Is more than one component possible?
Yes it is. The first component employs coefficients to account for the maximum amount of total variance
The second component has the same aim but is constrained to be uncorrelated with the first
For each component, the coefficients are chosen to account for the maximum amount of variance remaining.
What does the total number of components = number of items mean?

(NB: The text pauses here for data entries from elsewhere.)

(* Consider economies with individual endowments and single-peaked preferences. A rule on this domain satisfies own-peak-onliness, efficiency, the endowments guarantee, and not obvious manipulability (NOM) if and only if it is a simple reallocation rule.
   Context: Let $N=\{1,\dots,n\}$ be a finite set of agents. A preference $R_i$ is a continuous complete preorder on $\mathbb{R}_+\cup\{\infty\}$ ($P_i$ strict, $I_i$ indifference); its peak $p(R_i)$ is the set of maximal elements. $R_i$ is single-peaked if $p(R_i)$ is a singleton (identified with its element) and for $x,x'\in\mathbb{R}_+$, $xP_ix'$ whenever $x'<x\le p(R_i)$ or $p(R_i)\le x<x'$; $\mathcal{SP}$ is the set of these. An economy is $(R,\omega)$ with $R\in\mathcal{SP}^n$ and an endowment profile $\omega=(\omega_i)_{i\in N}\in\mathbb{R}^n_+$ with $\Omega=\sum_j\omega_j>0$. A rule assigns to each economy $\varphi(R,\omega)\in\mathbb{R}^n_+$ with $\sum_j\varphi_j(R,\omega)=\Omega$. Properties: Efficiency: no $x\in\mathbb{R}^n_+$ with $\sum_jx_j=\Omega$ has $x_iR_i\varphi_i(R,\omega)$ for all $i$ and $x_iP_i\varphi_i(R,\omega)$ for some $i$. Own-peak-onliness: $p(R_i')=p(R_i)$ implies $\varphi_i(R,\omega)=\varphi_i(R_i',R_{-i},\omega)$. Endowments guarantee: $p(R_i)=\omega_i$ implies $\varphi_i(R,\omega)I_i\omega_i$. Option set $O^\varphi(R_i,\omega)=\{\varphi_i(R_i,R_{-i},\omega):R_{-i}\in\mathcal{SP}^{n-1}\}$; $R_i'$ is a manipulation at $(R_i,\omega)$ if $\varphi_i(R_i',R_{-i},\omega)P_i\varphi_i(R_i,R_{-i},\omega)$ for some $R_{-i}$, and an obvious manipulation if moreover each $x'\in O^\varphi(R_i',\omega)$ satisfies $x'P_ix$ for some $x\in O^\varphi(R_i,\omega)$; NOM means there is no obvious manipulation. Simple reallocation rule: let $z(R,\omega)=\sum_jp(R_j)-\Omega$; agent $i$ is simple if ($z\ge0$ and $p(R_i)<\omega_i$) or ($z\le0$ and $p(R_i)>\omega_i$). An own-peak-only rule is a simple reallocation rule if for every economy it assigns to each simple agent his peak $p(R_i)$ and to each non-simple agent an amount in the closed interval between $\omega_i$ and $p(R_i)$. *)

From HB Require Import structures.
From mathcomp Require Import all_boot all_order all_algebra.
From mathcomp Require Import boolp classical_sets reals ereal topology.
Set Implicit Arguments. Unset Strict Implicit. Unset Printing Implicit Defensive.
Import Order.TTheory GRing.Theory Num.Theory.
Local Open Scope classical_set_scope.
Local Open Scope ring_scope.
Local Open Scope ereal_scope.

The more all the original variables are correlated together, the more the total variance will be accounted for by the first component.
What is a factor loading?
Each loading is the correlation between a variable and a factor
What is Loading^2?
The proportion of variance in a given variable accounted for by a factor
What determines whether absolute loadings should be interpreted?
Those > .30 are called salient and ARE interpreted
Those < .30 are dismissed and sometimes written as 0.
What is an eigenvalue?
The sum of squared loadings within a factor down the whole set of variables.
The amount of variance in the set of variables accounted for by a particular factor
What do different eigenvalues infer?
They range from 0 to the total number of items
An eigenvalue > 1.00 suggests that this factor should be selected - it is a “principal component”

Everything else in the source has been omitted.